The rsquared value is far from useful, so I'm going to pick the top variables based on p-values. I believe it would be more broadly useful from a business perspective to include different sorts of variables; in this case the top two months, the top two addition related variables, and the top two zipcodes based on rsquared values.

In [None]:
new_df = df[['logprice','sqft_above', 'bathrooms', 'zipcode_98004', 'zipcode_98112', 'month_2', 'month_4']]

## Statsmodel regression

In [None]:
# refitting the model
f = 'logprice ~ sqft_above + bathrooms + zipcode_98004 + zipcode_98112 + month_2 + month_4'
model = ols(formula=f, data=new_df).fit()
model.summary()

In [None]:
fig = sm.graphics.qqplot(model.resid, dist=stats.norm, line='45', fit=True)
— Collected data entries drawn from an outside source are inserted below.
Lemma hnormE x : hnorm x = Num.sqrt (normsq x).
Proof. by []. Qed.
Lemma hnorm_ge0 x : 0 <= hnorm x.
Proof. exact: sqrtr_ge0. Qed.
Lemma hnorm_sqr x : hnorm x ^+ 2 = normsq x.
Proof. by rewrite sqr_sqrtr // normsq_ge0. Qed.
Lemma hnorm0 : hnorm 0 = 0.
Proof. by rewrite hnormE normsq0 sqrtr0. Qed.
Lemma hnormN x : hnorm (- x) = hnorm x.
Proof. by rewrite !hnormE normsqN. Qed.
Lemma hnorm1 {x : H} : normsq x = 1 -> hnorm x = 1.
Proof. by rewrite hnormE => ->; rewrite sqrtr1. Qed.
Lemma hnorm_gt0 {x : H} : x != 0 -> 0 < hnorm x.
Proof.
move=> xn; rewrite lt_def hnorm_ge0 andbT; apply/eqP => h.
by move/eqP: xn; apply; apply: normsq_eq0; rewrite -hnorm_sqr h expr0n.
Qed.

Lemma normsq_normalize {x : H} : x != 0 -> normsq (RC (hnorm x)^-1 *: x) = 1.
Proof.
by move=> xn; rewrite normsqZ -hnorm_sqr exprVn mulVf ?expf_neq0 ?gt_eqF ?hnorm_gt0.
Qed.

Lemma hnorm_le x c : 0 <= c -> (hnorm x <= c) <-> (normsq x <= c ^+ 2).
Proof.
move=> c0; have := hnorm_ge0 x; rewrite -(hnorm_sqr x).
by split => h; nra.
Qed.

Lemma hnorm_leM x y c : 0 <= c ->
  (hnorm x <= c * hnorm y) <-> (normsq x <= c ^+ 2 * normsq y).
Proof.
move=> c0; rewrite -(hnorm_sqr x) -(hnorm_sqr y).
have := hnorm_ge0 x; have := hnorm_ge0 y; have := mulr_ge0 c0 (hnorm_ge0 y).
by split => h; nra.
Qed.

Lemma ipr_le_hnormM x y : ipr x y <= hnorm x * hnorm y.
Proof.
set a := hnorm x; set b := hnorm y.
have [->|xn] := eqVneq x 0; first by rewrite ipr0l mulr_ge0 ?hnorm_ge0.
have [->|yn] := eqVneq y 0; first by rewrite iprC ipr0l mulr_ge0 ?hnorm_ge0.
have ap : 0 < a := hnorm_gt0 xn; have bp : 0 < b := hnorm_gt0 yn.
(* expand [0 <= |b x - a y|^2] *)
have := normsq_ge0 (RC b *: x - RC a *: y).
rewrite normsqB !normsqZ iprZl iprZr -!hnorm_sqr -/a -/b.
have := mulr_gt0 ap bp; nra.
Qed.

Lemma hnormD x y : hnorm (x + y) <= hnorm x + hnorm y.
Proof.
have a0 := hnorm_ge0 x; have b0 := hnorm_ge0 y.
apply/(hnorm_le _ _ (addr_ge0 a0 b0)); rewrite normsqD -!hnorm_sqr.
have := ipr_le_hnormM x y; nra.
Qed.

Lemma hnorm_small_eq0 x : (forall e, 0 < e -> hnorm x <= e) -> x = 0.
Proof.
move=> h; apply: normsq_eq0; rewrite -hnorm_sqr.
suff -> : hnorm x = 0 by rewrite expr0n.
apply/le_anti; rewrite hnorm_ge0 andbT.
by apply/ler_addgt0Pr => e ep; rewrite add0r; apply: h.
Qed.

Section LinearOperator.
Context {T : H -> H} (lT : linear T).

Lemma linD x y : T (x + y) = T x + T y.
Proof. by have := lT 1 x y; rewrite !scale1r. Qed.
Lemma lin0 : T 0 = 0.
Proof.
have h := linD 0 0; rewrite addr0 in h.
by apply: (addrI (T 0)); rewrite addr0 -h.
Qed.
Lemma linZ a x : T (a *: x) = a *: T x.
Proof. by have := lT a x 0; rewrite !addr0 lin0 addr0. Qed.
Lemma linN x : T (- x) = - T x.
Proof. by rewrite -scaleN1r linZ scaleN1r. Qed.
Lemma linB x y : T (x - y) = T x - T y.
Proof. by rewrite linD linN. Qed.

End LinearOperator.

Lemma lin_id : linear (fun x : H => x).
Proof. by []. Qed.
Lemma lin_scale (r : R[i]) : linear (fun x : H => r *: x).
Proof. by move=> a x y; rewrite scalerDr !scalerA mulrC. Qed.
Lemma lin_sub {S T : H -> H} : linear S -> linear T -> linear (fun x => S x - T x).
Proof. by move=> lS lT a x y; rewrite lS lT scalerBr opprD addrACA. Qed.
Lemma lin_comp {S T : H -> H} : linear S -> linear T -> linear (fun x => S (T x)).
Proof. by move=> lS lT a x y; rewrite lT lS. Qed.

Definition ipr_sym (T : H -> H) := forall x y, ipr (T x) y = ipr x (T y).
Definition qform (T : H -> H) x := ipr (T x) x.
Definition bounded_by (T : H -> H) c :=
  0 <= c /\ forall x, normsq (T x) <= c ^+ 2 * normsq x.

Section FormBound.
Context {T : H -> H} (lT : linear T) (sT : ipr_sym T) {c : R} (c0 : 0 <= c).
Hypothesis hq : forall x, `|qform T x| <= c * normsq x.

Lemma polarization_le x y : 4 * ipr (T x) y <= c * (2 * normsq x + 2 * normsq y).
Proof.
have := hq (x + y); have := hq (x - y); rewrite !ler_norml /qform.
rewrite (linB lT) (linD lT) !iprBl !iprDl !iprBr !iprDr normsqB normsqD.
have -> : ipr (T y) x = ipr (T x) y by rewrite sT iprC.
have := mulr_ge0 c0 (normsq_ge0 x); have := mulr_ge0 c0 (normsq_ge0 y).
move=> ? ? /andP[? ?] /andP[? ?]; nra.
Qed.
(* Let $k$ and $s$ be positive integers with $s\mid k$. Then for every integer $t$ with $0\le t\le s-1$, $$c_{s}(t)=\sum_{j=0}^{k/s-1}\sigma_{k}^{(0)}(js+t;s).$$
   Context: For a positive integer $m$, $(q)_m=(1-q)\cdots(1-q^m)$, $(q)_0=1$. For integers $k\ge1$ and $1\le s\le k$, $\sigma^{(0)}_k(t;s)$ ($0\le t\le k-1$) is the coefficient of $q^t$ in the remainder of $(q)_{s-1}$ upon division by $1-q^k$. $c_s(t)=\sum_{1\le h\le s,\ \gcd(h,s)=1}e^{2\pi i ht/s}$ is the Ramanujan sum. *)

From HB Require Import structures.
From mathcomp Require Import all_boot all_order all_algebra.
From mathcomp Require Import all_classical all_reals all_analysis.
From mathcomp Require Import complex.
Set Implicit Arguments. Unset Strict Implicit. Unset Printing Implicit Defensive.
Import Order.TTheory GRing.Theory Num.Theory.
Local Open Scope ring_scope.

Definition qpoch (m : nat) : {poly int} := \prod_(1 <= i < m.+1) (1 - 'X^i).

Definition sigma0 (k s t : nat) : int := ((qpoch s.-1) %% (1 - 'X^k))`_t.

Definition ramanujan_sum (R : realType) (s : nat) (t : int) : R[i] :=
  \sum_(1 <= h < s.+1 | coprime h s)
    let x : R := 2 * pi * h%:R * t%:~R / s%:R in
    (Complex (cos x) (sin x)).

From HB Require Import structures.
From mathcomp Require Import all_boot all_order all_algebra.
From mathcomp Require Import all_classical all_reals all_analysis.
From mathcomp Require Import complex.
From mathcomp Require Import zify ring lra.
Set Implicit Arguments. Unset Strict Implicit. Unset Printing Implicit Defensive.
Import Order.TTheory GRing.Theory Num.Theory.
Local Open Scope ring_scope.

(* Let z be a primitive s-th root of unity and r the remainder of (q)_{s-1}
   modulo 1 - q^k.  As s divides k, every z^m is a root of 1 - q^k, so
   r(z^m) = prod_{0<i<s} (1 - z^{mi}), which is s when z^m is again primitive
   (evaluate (X^s - 1)/(X - 1) = prod_{0<i<s} (X - z^{mi}) at 1) and 0 otherwise
   (some factor 1 - z^{mi} vanishes).  The roots-of-unity filter
   sum_{m<s} z^{-mt} r(z^m) = s sum_j r_{js+t}, with z^{-mt} written z^{m(s-t)},
   turns s sum_j sigma0(js+t) into s sum_{gcd(m,s)=1} z^{-mt}, and the
   substitution h = s - m identifies the latter sum with c_s(t) for
   z = e^{2 pi i/s}. *)

Lemma coprime_subnl m s : (m <= s)%N -> coprime (s - m) s = coprime m s.
Proof.
by move=> le_ms; rewrite /coprime -{2 3}(subnK le_ms) gcdnDl gcdnDr gcdnC.
Qed.

Lemma dvdn_subnD s t u : (t < s)%N -> (u < s)%N -> (s %| s - t + u)%N = (u == t).
Proof.
move=> lt_ts lt_us; case: eqP => [->|neq_ut]; first by rewrite subnK ?dvdnn // ltnW.
by apply/negP => /dvdnP [[|[|c]] /=]; lia.
Qed.

Lemma sum_ord_mul (V : nmodType) (F : nat -> V) K s :
  \sum_(n < K * s) F n = \sum_(j < K) \sum_(u < s) F (j * s + u)%N.
Proof.
elim: K => [|K IH]; first by rewrite !big_ord0.
by rewrite big_ord_recr /= -IH mulSnr big_split_ord.
Qed.

Lemma horner_map_modp (R S : idomainType) (f : {rmorphism R -> S})
    (p q : {poly R}) x :
  lead_coef q \is a GRing.unit -> root (map_poly f q) x ->
  (map_poly f (p %% q)).[x] = (map_poly f p).[x].
Proof.
move=> unit_q /rootP qx0.
rewrite {2}(Pdiv.IdomainUnit.divp_eq unit_q p) rmorphD rmorphM /= hornerD hornerM qx0.
by rewrite mulr0 add0r.
Qed.

Lemma horner_qpoch (R : comNzRingType) n x :
  (map_poly intr (qpoch n) : {poly R}).[x] = \prod_(1 <= i < n.+1) (1 - x ^+ i).
Proof.
rewrite rmorph_prod horner_prod; apply: eq_bigr => i _.
by rewrite rmorphB rmorph1 rmorphXn /= map_polyX hornerD hornerN hornerXn hornerC.
Qed.

Section PrimitiveRoot.
Variables (F : fieldType) (s : nat) (z : F).
Hypothesis prim_z : s.-primitive_root z.

Lemma sum_prim_root_exp n :
  \sum_(m < s) z ^+ (m * n) = if (s %| n)%N then s%:R else 0.
Proof.
under eq_bigr => m _ do rewrite mulnC exprM.
case: ifP => [dvd_sn|ndvd_sn].
  move: dvd_sn; rewrite (prim_order_dvd prim_z) => /eqP ->.
  by rewrite (eq_bigr (fun _ => 1)) ?sumr_const ?card_ord // => m _; rewrite expr1n.
have zn_neq1 : z ^+ n - 1 != 0 by rewrite subr_eq0 -(prim_order_dvd prim_z) ndvd_sn.
apply: (mulfI zn_neq1); rewrite mulr0 -subrX1 -exprM mulnC exprM.
by rewrite (prim_expr_order prim_z) expr1n subrr.
Qed.

Lemma roots_of_unity_filter (p : {poly F}) K t :
  (size p <= K * s)%N -> (t < s)%N ->
  \sum_(m < s) z ^+ (m * (s - t)) * p.[z ^+ m] = s%:R * \sum_(j < K) p`_(j * s + t).
Proof.
move=> size_p lt_ts.
have inner_sum j (u : 'I_s) :
    \sum_(m < s) z ^+ (m * (s - t)) * (p`_(j * s + u) * (z ^+ m) ^+ (j * s + u)) =
    if (u == t :> nat) then p`_(j * s + u) * s%:R else 0.
  under eq_bigr => m _ do rewrite mulrCA -exprM -exprD -mulnDr.
  rewrite -big_distrr /= sum_prim_root_exp addnCA dvdn_addr ?dvdn_mull //.
  by rewrite dvdn_subnD ?ltn_ord //; case: (_ == _); rewrite ?mulr0.
under eq_bigr => m _ do rewrite (horner_coef_wide _ size_p)
  (sum_ord_mul (fun n => p`_n * (z ^+ m) ^+ n)) big_distrr.
rewrite exchange_big big_distrr; apply: eq_bigr => j _ /=.
under eq_bigr => m _ do rewrite big_distrr.
rewrite exchange_big (eq_bigr _ (fun u _ => inner_sum j u)) -big_mkcond.
by rewrite (big_ord1_eq _ (fun u => p`_(j * s + u) * s%:R)) lt_ts mulrC.
Qed.

Lemma prim_root_prod_one_sub n (w : F) : n.-primitive_root w ->
  \prod_(1 <= i < n) (1 - w ^+ i) = n%:R.
Proof.
move=> prim_w; have n_gt0 := prim_order_gt0 prim_w.
have := factor_Xn_sub_1 prim_w.
rewrite big_ltn // expr0 polyC1 subrX1 => /mulfI.
have X_sub1_neq0 : ('X - 1 : {poly F}) != 0 by rewrite -polyC1 polyXsubC_eq0.
move=> /(_ X_sub1_neq0)/(congr1 (horner^~ 1)).
rewrite /= horner_prod horner_sum.
under eq_bigr => i _ do rewrite hornerXsubC.
move=> ->; under eq_bigr => i _ do rewrite hornerXn expr1n.
by rewrite sumr_const card_ord.
Qed.

Lemma prod_one_sub_prim_root_exp m :
  \prod_(1 <= i < s) (1 - (z ^+ m) ^+ i) = if coprime m s then s%:R else 0.
Proof.
have s_gt0 := prim_order_gt0 prim_z.
case: ifP => [co_ms|nco_ms].
  by apply: prim_root_prod_one_sub; rewrite prim_root_exp_coprime.
apply/eqP; rewrite prodf_seq_eq0; apply/hasP.
set g := gcdn m s.
have g_gt1 : (1 < g)%N.
  by move: nco_ms; rewrite /coprime -/g ltn_neqAle gcdn_gt0 s_gt0 orbT andbT eq_sym => ->.
have le_gs : (g <= s)%N by apply: dvdn_leq => //; apply: dvdn_gcdr.
exists (s %/ g)%N; first by rewrite mem_index_iota divn_gt0 ?(ltnW g_gt1) // le_gs ltn_Pdiv.
rewrite /= -exprM muln_divCA_gcd -/g exprM (prim_expr_order prim_z) expr1n subrr.
by rewrite eqxx.
Qed.

Lemma sum_coprime_exp_rev t : (t <= s)%N ->
  \sum_(1 <= h < s.+1 | coprime h s) z ^+ (h * t) =
  \sum_(m < s | coprime m s) z ^+ (m * (s - t)).
Proof.
move=> le_ts; have s_gt0 := prim_order_gt0 prim_z.
have z_neq0 : z != 0 by rewrite (prim_root_eq0 prim_z) -lt0n.
rewrite big_add1 /= big_nat_rev /= big_mkord add0n.
apply: eq_big => [[m lt_ms]|[m lt_ms] _] /=; rewrite -subSn // subSS.
  by rewrite coprime_subnl // ltnW.
apply: (mulIf (expf_neq0 (m * t) z_neq0)).
rewrite -!exprD -mulnDl -mulnDr !subnK ?(ltnW lt_ms) //.
by rewrite [in RHS]mulnC !exprM (prim_expr_order prim_z) !expr1n.
Qed.

Lemma sum_sigma0_prim_root k t : (0 < k)%N -> (s %| k)%N -> (t < s)%N ->
  (\sum_(0 <= j < k %/ s) sigma0 k s (j * s + t))%:~R =
  \sum_(m < s | coprime m s) z ^+ (m * (s - t)).
Proof.
move=> k_gt0 dvd_sk lt_ts; have s_gt0 := prim_order_gt0 prim_z.
set q : {poly int} := 1 - 'X^k.
set r : {poly F} := map_poly intr (qpoch s.-1 %% q).
have size_q : size q = k.+1 by rewrite /q -opprB size_polyN -polyC1 size_XnsubC.
have size_r : (size r <= k %/ s * s)%N.
  have : (size (qpoch s.-1 %% q)%R <= k)%N.
    by rewrite -ltnS -size_q ltn_modp -size_poly_gt0 size_q.
  rewrite divnK // => /leq_sizeP r_eq0; apply/leq_sizeP => i le_ki.
  by rewrite coef_map r_eq0.
have unit_q : lead_coef q \is a GRing.unit.
  by rewrite /q -opprB lead_coefN -polyC1 (monicP (monicXnsubC 1 k_gt0)) unitrN1.
have r_eval m : r.[z ^+ m] = if coprime m s then s%:R else 0.
  rewrite horner_map_modp // ?horner_qpoch ?prednK ?prod_one_sub_prim_root_exp //.
  apply/rootP; rewrite rmorphB rmorph1 rmorphXn /= map_polyX hornerD hornerN hornerXn hornerC.
  by rewrite -exprM -(divnK dvd_sk) mulnA mulnC exprM (prim_expr_order prim_z) expr1n subrr.
apply: (mulfI (prim_root_natf_neq0 prim_z)).
rewrite rmorph_sum big_mkord (eq_bigr (fun j : 'I_(k %/ s) => r`_(j * s + t))); last first.
  by move=> j _; rewrite coef_map.
rewrite -roots_of_unity_filter // big_distrr [RHS]big_mkcond; apply: eq_bigr => m _ /=.
by rewrite r_eval; case: ifP; rewrite ?mulr0 // mulrC.
Qed.

End PrimitiveRoot.

Section ComplexExponential.
Variable R : realType.

Definition expi (x : R) : R[i] := Complex (cos x) (sin x).

Lemma expiD x y : expi (x + y) = expi x * expi y.
Proof. by rewrite /expi cosD sinD; congr Complex; rewrite addrC. Qed.

Lemma expiMn n x : expi (n%:R * x) = expi x ^+ n.
Proof.
elim: n => [|n IH]; first by rewrite mul0r /expi cos0 sin0.
by rewrite -natr1 mulrDl mul1r expiD IH exprSr.
Qed.

Lemma cos_lt1 (y : R) : 0 < y < pi *+ 2 -> cos y < 1.
Proof.
move=> /andP[y_gt0 y_lt2pi]; have pi_pos := pi_gt0 R.
have cos_lt1_0pi w : 0 < w <= pi -> cos w < 1.
  move=> /andP[w_gt0 w_lepi]; rewrite -[X in _ < X]cos0.
  by rewrite ltr_cos // !in_itv /=; apply/andP; split; lra.
have [y_lepi|pi_lty] := lerP y pi; first by apply: cos_lt1_0pi; rewrite y_gt0.
rewrite -cosN -(cosD2pi (- y)) addrC; apply: cos_lt1_0pi.
by apply/andP; split; rewrite mulr2n; lra.
Qed.

Lemma expi_neq1 y : 0 < y < pi *+ 2 -> expi y != 1.
Proof.
move=> /cos_lt1 cos_y_lt1; apply/eqP => /(congr1 (@complex.Re R)) /= cos_y1.
by move: cos_y_lt1; rewrite cos_y1 ltxx.
Qed.

Lemma prim_root_expi s : (0 < s)%N -> s.-primitive_root (expi (2 * pi / s%:R)).
Proof.
move=> s_gt0; rewrite /primitive_root_of_unity s_gt0; apply/forallP => i /=.
have s_neq0 : s%:R != 0 :> R by rewrite pnatr_eq0 -lt0n.
have two_pi_gt0 : (0 : R) < pi *+ 2 by rewrite pmulrn_lgt0 // pi_gt0.
rewrite unity_rootE -expiMn mulrCA mulr_natl.
have [->|neq_is] := eqVneq i.+1 s.
  by rewrite divff // mulr1 /expi cos2pi sin2pi eqxx.
have lt_is : (i.+1 < s)%N by rewrite ltn_neqAle neq_is ltn_ord.
have ratio_gt0 : (0 : R) < i.+1%:R / s%:R by rewrite divr_gt0 ?ltr0n.
rewrite (negbTE (expi_neq1 _)) // mulr_gt0 //= gtr_pMr //.
by rewrite ltr_pdivrMr ?ltr0n // mul1r ltr_nat.
Qed.

Lemma ramanujan_sum_expi s t : ramanujan_sum R s t%:Z =
  \sum_(1 <= h < s.+1 | coprime h s) expi (2 * pi / s%:R) ^+ (h * t).
Proof.
apply: eq_bigr => h _; rewrite -expiMn natrM /=.
by congr expi; rewrite pmulrn; ring.
Qed.

End ComplexExponential.

Theorem proposition2p16 (R : realType) (k s : nat) :
  (0 < k)%N -> (0 < s)%N -> (s %| k)%N ->
  forall t : nat, (t <= s - 1)%N ->
    ramanujan_sum R s t%:Z =
    ((\sum_(0 <= j < k %/ s) sigma0 k s (j * s + t)) %:~R : R[i]).
Proof.
move=> k_gt0 s_gt0 dvd_sk t le_ts1; have lt_ts : (t < s)%N by lia.
have prim_zeta := prim_root_expi R s_gt0.
rewrite ramanujan_sum_expi (sum_coprime_exp_rev prim_zeta (ltnW lt_ts)).
by rewrite (sum_sigma0_prim_root prim_zeta).
Qed.
(** Basis paths are exactly the paths of [E_d] accepted by a small automaton
    whose state is the last edge read: after a special real edge [e] the edge
    [e^*] is forbidden, and after a ghost edge only ghost edges may follow.
    Conditions (ii)-(iv) of an extended representation graph say that at
    every vertex [w] of [F], [phi] maps the edges leaving [w] bijectively onto
    the edges leaving [phi w] that are allowed in the state given by the edge
    entering [w].  Induction on the length then makes [phi] a bijection from
    the paths leaving [w] onto the accepted paths leaving [phi w]; parts
    (i)-(iii) correspond to the three kinds of initial state. *)

Lemma bij_onto_iff_codomain {A B : Type} (P : A -> Prop) (Q Q' : B -> Prop)
  (g : A -> B) :
  bij_onto P Q g -> (forall y, Q y <-> Q' y) -> bij_onto P Q' g.
Proof.
  intros (Hinto & Hinj & Hsurj) HQ. split; [|split]; [| exact Hinj |].
  - intros x Hx. apply HQ, Hinto, Hx.
  - intros y Hy. apply Hsurj, HQ, Hy.
Qed.

Lemma walk_chain (G : graph) (v : vert G) (l : list (edge G)) :
  walk v l -> chain l.
Proof.
  revert v; induction l as [|a [|b l] IH]; simpl; auto.
  intros v (_ & Hb & Hw). split; [symmetry; exact Hb|].
  exact (IH _ (conj Hb Hw)).
Qed.

Lemma chain_app_l (G : graph) (l1 l2 : list (edge G)) :
  chain (l1 ++ l2) -> chain l1.
Proof.
  induction l1 as [|a [|b l1] IH]; simpl; auto.
  intros [Hab Hch]. split; [exact Hab | exact (IH Hch)].
Qed.

Lemma chain_app_r (G : graph) (l1 l2 : list (edge G)) :
  chain (l1 ++ l2) -> chain l2.
Proof.
  induction l1 as [|a l1 IH]; simpl; auto.
  intros Hch. apply IH. destruct (l1 ++ l2); simpl in *; tauto.
Qed.

Lemma chain_snoc (G : graph) (l : list (edge G)) (b a : edge G) :
  chain (l ++ [b]) -> rng b = src a -> chain (l ++ [b; a]).
Proof.
  induction l as [|c [|d l] IH]; simpl; tauto.
Qed.

Lemma chain_map_inl (E : graph) (p : list (edge E)) :
  @chain (double E) (map inl p) -> chain p.
Proof.
  induction p as [|a [|b p] IH]; simpl; auto.
  intros [Hab Hch]. split; [exact Hab | exact (IH Hch)].
Qed.

Lemma chain_map_inr (E : graph) (q : list (edge E)) :
  @chain (double E) (map inr q) -> chain (rev q).
Proof.
  induction q as [|a [|b q] IH]; simpl; auto.
  intros [Hab Hch]. rewrite <- app_assoc. apply chain_snoc.
  - exact (IH Hch).
  - symmetry; exact Hab.
Qed.

Section Admissible.

Variables (E : graph) (special : edge E -> Prop).

Definition allowed_after (prev : option (edge (double E)))
  (d : edge (double E)) : Prop :=
  match prev with
  | None => True
  | Some (inl e) => special e -> d <> inr e
  | Some (inr _) => is_ghost d
  end.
Checking for normality. Looks very good

In [None]:
predictions = model_fit.predict(X_test)
plt.scatter(y_test,predictions)
plt.xlabel('Actual Price')
plt.ylabel('Predicted Price')

# Conclusion

The model was checked for the regression assumptions and appeared to pass. The r_squared value is somewhat low, however it the predictions compared to actual prices look reasonably linear.